So my auditor partner and I had to share an already cramped aisle with two young bucks who I could tell had very little interest in standing there holding tags for us to scan. Before my guy arrived I had been using two hands to carefully transfer the shirts into another pile as I counted. He instead held the entire stack in one hand and with the other flipped the shirts back into a more disheveled pile. Which was better than when we got to the tanks that had the ticket buried deep inside the shirt. These he pulled off roughly, shaking out the folds and then tossing the shirts carelessly back on the shelf in a big heap. Because, you know, if we did that we'd be messing up the stacks. Inventory isn't a job for everyone. It is widely regarded as mind-numbingly boring. I don't usually mind it, since it gives me plenty of time with my own vastly entertaining thoughts (for instance, sketching the rough outlines of potential journal posts). One of the few perks of the job for me is the ability to work alone. However, even I had to admit that standing there while this kid fumbled through the clothes for the ticket, waiting only for the right moment to pull the trigger on my scanner tested my boredom tolerance considerably. It took every ounce of willpower I had to keep my mouth shut and put up with it.

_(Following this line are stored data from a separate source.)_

(* Let $(X,I,T)$ be a relative monad in a 2-category $\mathcal{K}$ and $(S,S_0)$ a monad compatible with $I$. Then the assignments $d\mapsto\hat T$ with $\hat T(M,\mu)=(TM,T\mu\cdot dM)$, $\hat T(f)=Tf$, and $\hat T\mapsto\widehat{m_0}\cdot STs_0$ (where $\widehat{m_0}$ is the $S$-algebra structure of $\hat T(S_0,m_0)$) are mutually inverse bijections between relative distributive laws $d\colon ST\Rightarrow TS_0$ of $T$ over $(S,S_0)$ and liftings of $T$ to the algebras of $(S,S_0)$.
   Context: Conventions: 1-cells compose by juxtaposition; vertical composition of 2-cells is written $\cdot$; whiskering by juxtaposition. Relative monad: a relative monad $(X,I,T)$ in $\mathcal{K}$ consists of objects $X_0,X$, 1-cells $I,T\colon X_0\to X$, an operator $(-)^\dagger\colon[I,T]\to[T,T]$ (extension: for every span $A,B\colon O\to X_0$ a function sending 2-cells $IA\Rightarrow TB$ to 2-cells $TA\Rightarrow TB$, natural in $O$, $A$ and $B$) and a 2-cell $t\colon I\Rightarrow T$ such that $k^\dagger\cdot tA=k$, $(tA)^\dagger=1_{TA}$, $(l^\dagger\cdot k)^\dagger=l^\dagger\cdot k^\dagger$ for all $k\colon IA\Rightarrow TB$, $l\colon IB\Rightarrow TC$. Monad compatible with $I\colon X_0\to X$: a pair $(S,S_0)$ of monads $(X,S,m,s)$ and $(X_0,S_0,m_0,s_0)$ in $\mathcal{K}$ with $SI=IS_0$, $mI=Im_0$, $sI=Is_0$. Relative distributive law: a 2-cell $d\colon ST\Rightarrow TS_0$ such that (D1) $d\cdot mT=Tm_0\cdot dS_0\cdot Sd$; (D2) $d\cdot sT=Ts_0$; (D3) for all $A,B\colon O\to X_0$ and $f\colon IA\Rightarrow TB$, $dB\cdot S(f^\dagger)=(dB\cdot Sf)^\dagger\cdot dA$ (here $dB\cdot Sf\colon IS_0A=SIA\Rightarrow TS_0B$); (D4) $d\cdot St=tS_0$ as 2-cells $SI=IS_0\Rightarrow TS_0$. Indexed algebras: for a monad $(X,S,m,s)$ and object $K$, $S\text{-}\mathrm{Alg}(K)$ is the category whose objects are pairs $(M,\mu)$ with $M\colon K\to X$, $\mu\colon SM\Rightarrow M$, $\mu\cdot sM=1_M$, $\mu\cdot S\mu=\mu\cdot mM$, and whose morphisms $(M,\mu)\to(N,\nu)$ are 2-cells $f\colon M\Rightarrow N$ with $f\cdot\mu=\nu\cdot Sf$; this gives a 2-functor $S\text{-}\mathrm{Alg}(-)\colon\mathcal{K}^{op}\to\mathbf{Cat}$ by precomposition. Lifting to algebras: a lifting of $T$ to the algebras of $(S,S_0)$ is a 2-natural transformation $\hat T\colon S_0\text{-}\mathrm{Alg}(-)\to S\text{-}\mathrm{Alg}(-)$ of the form $\hat T(M,\mu)=(TM,\hat T\mu)$ on objects and $\hat T(f)=Tf$ on morphisms, carrying the relative monad structure over $I_*\colon(M,\mu)\mapsto(IM,I\mu)$ whose unit and extension are those of $T$, which means precisely: (a) for all $K$-indexed $S_0$-algebras $(M,\mu),(N,\nu)$ and every 2-cell $f\colon IM\Rightarrow TN$ with $f\cdot I\mu=\hat T\nu\cdot Sf$, one has $f^\dagger\cdot\hat T\mu=\hat T\nu\cdot Sf^\dagger$; (b) for every $(M,\mu)$, $tM\cdot I\mu=\hat T\mu\cdot StM$. *)

(* Presentation of a strict 2-category: for each pair of objects A B we have
   a type of 1-cells [Hom A B] and a type [Cell A B] of all 2-cells between
   1-cells A -> B, each 2-cell carrying its source and target 1-cell.
   The 2-cells alpha : f => g are exactly those with [src alpha = f] and
   [tgt alpha = g] (predicate [is_cell]).  Composition operations are total
   functions, but all laws are only required on well-typed composites.
   This avoids dependent transports along equalities of 1-cells such as
   SI = IS0. *)

Record TwoCat := {
  Obj : Type;
  Hom : Obj -> Obj -> Type;
  Cell : Obj -> Obj -> Type;
  id1 : forall A, Hom A A;
  comp1 : forall {A B C}, Hom B C -> Hom A B -> Hom A C;
  src : forall {A B}, Cell A B -> Hom A B;
  tgt : forall {A B}, Cell A B -> Hom A B;
  id2 : forall {A B}, Hom A B -> Cell A B;
  (* vcomp b a = b . a : first a, then b *)
  vcomp : forall {A B}, Cell A B -> Cell A B -> Cell A B;
  lwh : forall {A B C}, Hom B C -> Cell A B -> Cell A C;
  rwh : forall {A B C}, Cell B C -> Hom A B -> Cell A C;

  comp1_assoc : forall A B C D (h : Hom C D) (g : Hom B C) (f : Hom A B),
      comp1 h (comp1 g f) = comp1 (comp1 h g) f;
  comp1_id_l : forall A B (f : Hom A B), comp1 (id1 B) f = f;
  comp1_id_r : forall A B (f : Hom A B), comp1 f (id1 A) = f;

  src_id2 : forall A B (f : Hom A B), src (id2 f) = f;
  tgt_id2 : forall A B (f : Hom A B), tgt (id2 f) = f;
  src_vcomp : forall A B (b a : Cell A B), tgt a = src b -> src (vcomp b a) = src a;
  tgt_vcomp : forall A B (b a : Cell A B), tgt a = src b -> tgt (vcomp b a) = tgt b;
  src_lwh : forall A B C (g : Hom B C) (a : Cell A B), src (lwh g a) = comp1 g (src a);
  tgt_lwh : forall A B C (g : Hom B C) (a : Cell A B), tgt (lwh g a) = comp1 g (tgt a);
  src_rwh : forall A B C (a : Cell B C) (f : Hom A B), src (rwh a f) = comp1 (src a) f;
  tgt_rwh : forall A B C (a : Cell B C) (f : Hom A B), tgt (rwh a f) = comp1 (tgt a) f;

  vcomp_assoc : forall A B (c b a : Cell A B), tgt a = src b -> tgt b = src c ->
      vcomp c (vcomp b a) = vcomp (vcomp c b) a;
  vcomp_id_l : forall A B (a : Cell A B), vcomp (id2 (tgt a)) a = a;
  vcomp_id_r : forall A B (a : Cell A B), vcomp a (id2 (src a)) = a;

  lwh_vcomp : forall A B C (g : Hom B C) (b a : Cell A B), tgt a = src b ->
      lwh g (vcomp b a) = vcomp (lwh g b) (lwh g a);
  lwh_id2 : forall A B C (g : Hom B C) (f : Hom A B), lwh g (id2 f) = id2 (comp1 g f);
  rwh_vcomp : forall A B C (b a : Cell B C) (f : Hom A B), tgt a = src b ->
      rwh (vcomp b a) f = vcomp (rwh b f) (rwh a f);
  rwh_id2 : forall A B C (g : Hom B C) (f : Hom A B), rwh (id2 g) f = id2 (comp1 g f);

  lwh_comp1 : forall A B C D (h : Hom C D) (g : Hom B C) (a : Cell A B),
      lwh (comp1 h g) a = lwh h (lwh g a);
  lwh_id1 : forall A B (a : Cell A B), lwh (id1 B) a = a;
  rwh_comp1 : forall A B C D (a : Cell C D) (g : Hom B C) (f : Hom A B),
      rwh a (comp1 g f) = rwh (rwh a g) f;
  rwh_id1 : forall A B (a : Cell A B), rwh a (id1 A) = a;
  lwh_rwh : forall A B C D (h : Hom C D) (a : Cell B C) (f : Hom A B),
      rwh (lwh h a) f = lwh h (rwh a f);

  interchange : forall A B C (b : Cell B C) (a : Cell A B),
      vcomp (rwh b (tgt a)) (lwh (src b) a) = vcomp (lwh (tgt b) a) (rwh b (src a))
}.

Arguments id1 {t} A.
Arguments comp1 {t A B C} _ _.
Arguments src {t A B} _.
Arguments tgt {t A B} _.
Arguments id2 {t A B} _.
Arguments vcomp {t A B} _ _.
Arguments lwh {t A B C} _ _.
Arguments rwh {t A B C} _ _.

Section TwoCatNotions.
Context {K : TwoCat}.

Definition is_cell {A B : Obj K} (a : Cell K A B) (f g : Hom K A B) : Prop :=
  src a = f /\ tgt a = g.

Definition is_monad {X : Obj K} (S : Hom K X X) (m s : Cell K X X) : Prop :=
  is_cell m (comp1 S S) S /\ is_cell s (id1 X) S /\
  vcomp m (lwh S m) = vcomp m (rwh m S) /\
  vcomp m (lwh S s) = id2 S /\
  vcomp m (rwh s S) = id2 S.

(* (X, I, T) relative monad with extension operator ext (ext O A B k = k^dagger
   for k : IA => TB with A B : O -> X0) and unit t *)
Definition is_rel_monad {X0 X : Obj K} (I T : Hom K X0 X)
    (ext : forall O : Obj K, Hom K O X0 -> Hom K O X0 -> Cell K O X -> Cell K O X)
    (t : Cell K X0 X) : Prop :=
  is_cell t I T /\
  (forall O (A B : Hom K O X0) (k : Cell K O X),
      is_cell k (comp1 I A) (comp1 T B) ->
      is_cell (ext O A B k) (comp1 T A) (comp1 T B)) /\
  (forall O O' (h : Hom K O' O) (A B : Hom K O X0) (k : Cell K O X),
      is_cell k (comp1 I A) (comp1 T B) ->
      ext O' (comp1 A h) (comp1 B h) (rwh k h) = rwh (ext O A B k) h) /\
  (forall O (A A' B : Hom K O X0) (a : Cell K O X0) (k : Cell K O X),
      is_cell a A' A -> is_cell k (comp1 I A) (comp1 T B) ->
      ext O A' B (vcomp k (lwh I a)) = vcomp (ext O A B k) (lwh T a)) /\
  (forall O (A B B' : Hom K O X0) (b : Cell K O X0) (k : Cell K O X),
      is_cell b B B' -> is_cell k (comp1 I A) (comp1 T B) ->
      ext O A B' (vcomp (lwh T b) k) = vcomp (lwh T b) (ext O A B k)) /\
  (forall O (A B : Hom K O X0) (k : Cell K O X),
      is_cell k (comp1 I A) (comp1 T B) ->
      vcomp (ext O A B k) (rwh t A) = k) /\
  (forall O (A : Hom K O X0), ext O A A (rwh t A) = id2 (comp1 T A)) /\
  (forall O (A B C : Hom K O X0) (k l : Cell K O X),
      is_cell k (comp1 I A) (comp1 T B) -> is_cell l (comp1 I B) (comp1 T C) ->
      ext O A C (vcomp (ext O B C l) k) = vcomp (ext O B C l) (ext O A B k)).

Definition compatible_monad {X0 X : Obj K} (I : Hom K X0 X)
    (S : Hom K X X) (m s : Cell K X X)
    (S0 : Hom K X0 X0) (m0 s0 : Cell K X0 X0) : Prop :=
  is_monad S m s /\ is_monad S0 m0 s0 /\
  comp1 S I = comp1 I S0 /\ rwh m I = lwh I m0 /\ rwh s I = lwh I s0.

Definition is_rel_dist_law {X0 X : Obj K} (I T : Hom K X0 X)
    (ext : forall O : Obj K, Hom K O X0 -> Hom K O X0 -> Cell K O X -> Cell K O X)
    (t : Cell K X0 X)
    (S : Hom K X X) (m s : Cell K X X)
    (S0 : Hom K X0 X0) (m0 s0 : Cell K X0 X0) (d : Cell K X0 X) : Prop :=
  is_cell d (comp1 S T) (comp1 T S0) /\
  (* D1 *)
  vcomp d (rwh m T) = vcomp (lwh T m0) (vcomp (rwh d S0) (lwh S d)) /\
  (* D2 *)
  vcomp d (rwh s T) = lwh T s0 /\
  (* D3 *)
  (forall O (A B : Hom K O X0) (f : Cell K O X),
      is_cell f (comp1 I A) (comp1 T B) ->
      vcomp (rwh d B) (lwh S (ext O A B f))
      = vcomp (ext O (comp1 S0 A) (comp1 S0 B) (vcomp (rwh d B) (lwh S f))) (rwh d A)) /\
  (* D4 *)
  vcomp d (lwh S t) = rwh t S0.

Definition is_alg {X : Obj K} (S : Hom K X X) (m s : Cell K X X)
    {O : Obj K} (M : Hom K O X) (mu : Cell K O X) : Prop :=
  is_cell mu (comp1 S M) M /\
  vcomp mu (rwh s M) = id2 M /\
  vcomp mu (lwh S mu) = vcomp mu (rwh m M).

Definition is_alg_hom {X : Obj K} (S : Hom K X X)
    {O : Obj K} (M N : Hom K O X) (mu nu f : Cell K O X) : Prop :=
  is_cell f M N /\ vcomp f mu = vcomp nu (lwh S f).

(* A lifting of T to the algebras of (S, S0): the family
   That_O : S0-Alg(O) -> S-Alg(O), (M, mu) |-> (TM, L O M mu), f |-> Tf,
   required to be a well-defined functor (Tf is a morphism of S-algebras),
   2-natural in O, and to carry the relative monad structure (a), (b).
   Values of L outside S0-algebras are irrelevant. *)
Definition is_lifting {X0 X : Obj K} (I T : Hom K X0 X)
    (ext : forall O : Obj K, Hom K O X0 -> Hom K O X0 -> Cell K O X -> Cell K O X)
    (t : Cell K X0 X)
    (S : Hom K X X) (m s : Cell K X X)
    (S0 : Hom K X0 X0) (m0 s0 : Cell K X0 X0)
    (L : forall O : Obj K, Hom K O X0 -> Cell K O X0 -> Cell K O X) : Prop :=
  (forall O (M : Hom K O X0) (mu : Cell K O X0),
      is_alg S0 m0 s0 M mu -> is_alg S m s (comp1 T M) (L O M mu)) /\
  (forall O (M N : Hom K O X0) (mu nu f : Cell K O X0),
      is_alg S0 m0 s0 M mu -> is_alg S0 m0 s0 N nu -> is_alg_hom S0 M N mu nu f ->
      is_alg_hom S (comp1 T M) (comp1 T N) (L O M mu) (L O N nu) (lwh T f)) /\
  (forall O O' (h : Hom K O' O) (M : Hom K O X0) (mu : Cell K O X0),
      is_alg S0 m0 s0 M mu -> L O' (comp1 M h) (rwh mu h) = rwh (L O M mu) h) /\
  (* (a) *)
  (forall O (M N : Hom K O X0) (mu nu : Cell K O X0) (f : Cell K O X),
      is_alg S0 m0 s0 M mu -> is_alg S0 m0 s0 N nu ->
      is_cell f (comp1 I M) (comp1 T N) ->
      vcomp f (lwh I mu) = vcomp (L O N nu) (lwh S f) ->
      vcomp (ext O M N f) (L O M mu) = vcomp (L O N nu) (lwh S (ext O M N f))) /\
  (* (b) *)
  (forall O (M : Hom K O X0) (mu : Cell K O X0),
      is_alg S0 m0 s0 M mu ->
      vcomp (rwh t M) (lwh I mu) = vcomp (L O M mu) (lwh S (rwh t M))).

Definition lifting_of_law {X0 X : Obj K} (T : Hom K X0 X) (d : Cell K X0 X)
    : forall O : Obj K, Hom K O X0 -> Cell K O X0 -> Cell K O X :=
  fun O M mu => vcomp (lwh T mu) (rwh d M).

Definition law_of_lifting {X0 X : Obj K} (T : Hom K X0 X) (S : Hom K X X)
    (S0 : Hom K X0 X0) (m0 s0 : Cell K X0 X0)
    (L : forall O : Obj K, Hom K O X0 -> Cell K O X0 -> Cell K O X) : Cell K X0 X :=
  vcomp (L X0 S0 m0) (lwh (comp1 S T) s0).

End TwoCatNotions.


(* Then, for fixed (X, I, T) and (S, S0):
   - from a law d, the assignment (M, mu) |-> (TM, T mu . dM) sends
     S0-algebras to S-algebras (by D1, D2), morphisms to morphisms, is
     2-natural, and satisfies (a) (by D3 and naturality of the extension)
     and (b) (by D4); moreover m0hat . STs0 gives d back (unit law of S0);
   - from a lifting That, the 2-cell d := m0hat . STs0 reproduces That on
     every algebra (M, mu), because mu : (S0M, m0M) -> (M, mu) is an algebra
     morphism out of a free algebra; the axioms D1-D4 follow from the algebra
     laws of m0hat, from (b), and from (a) applied to free algebras. *)

Section TypedCellCalculus.
Context {K : TwoCat}.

My auditor partner had to deal with a similar situation, except her counts were also off on top of it. It was while she was searching back through one shelf to find the ticket they missed that Anne Murray returned to find the "helper" watching her do this. "Well if you're just standing there, Rocky, it defeats the whole purpose of me putting you with her," she snapped venomously. None of us made any attempt to explain what was actually going on, because I suspect we all knew how silly the entire exercise was. "Just...go do something else" she barked, and he happily scampered off. My auditor partner turned to me and said under her breath, "Well, that takes care of THAT problem." But I still had to deal with mine. We finally got out of the strappy tanks and into some wafer-thin but still more manageable T-shirts. I tried working with him. I suggested little counting tricks that I use to make it go faster, but he simply couldn't grasp them. I asked and he confirmed my suspicion that most everything needed to be refolded anyway when it went to the salesfloor, making the need to "avoid messing up the stacks" even less crucial. The final straw came when I noticed him using two hands to carefully transfer the shirts into another pile as we counted, in very much the same way I was before he came along. I gently pointed out that I could honestly handle it myself and probably a good deal faster, asking if he thought his boss would get too upset. He eagerly agreed that he actually did have a lot of other work he needed to do, and happily scampered off.

Later talking with Tery about this, she mentioned she overheard Ms. Murray bitching about her great one-on-one plan being "pushed aside." Oh, get over yourself, you soft-hits-of-the-70's-singing beeeyatch. If you don't tell me how to take inventory, I won't tell you how to manage your store. Deal?

In case anyone is sitting on the edge of their seats waiting for an update on my MST3k seller, the same day I posted he emailed me with tracking numbers. The discs arrived yesterday, hooray! However he uses the cheap-ass generic blanks (I've seen them on eBay, $20 for 100. What a deal!) so 4 out of 17 didn't work at all, boo. I emailed him hoping for replacements, but frankly I'm so sick of him I honestly don't care if he sends them or not. I just want him to crawl back into his cave and out of my life.

Addendum: Surprise, surprise. He emailed me to ask me to return the defective discs, saying "I am starting to think the problem might be with your player." Really? A.) How then would you explain 13 of the discs working fine? He also didn't care that I tested them on not one but three players. B.) What would I possibly stand to gain by lying about 4 discs not working? If I really wanted to make some personal profit off of your hard work, don't you think I'm capable of simply copying the discs to sell myself? Finally, C.) What makes you think this entire relationship hasn't been every bit as unpleasant for me as it has been for you? Why do you think I would fraudulently try to prolong it one second longer than I have to?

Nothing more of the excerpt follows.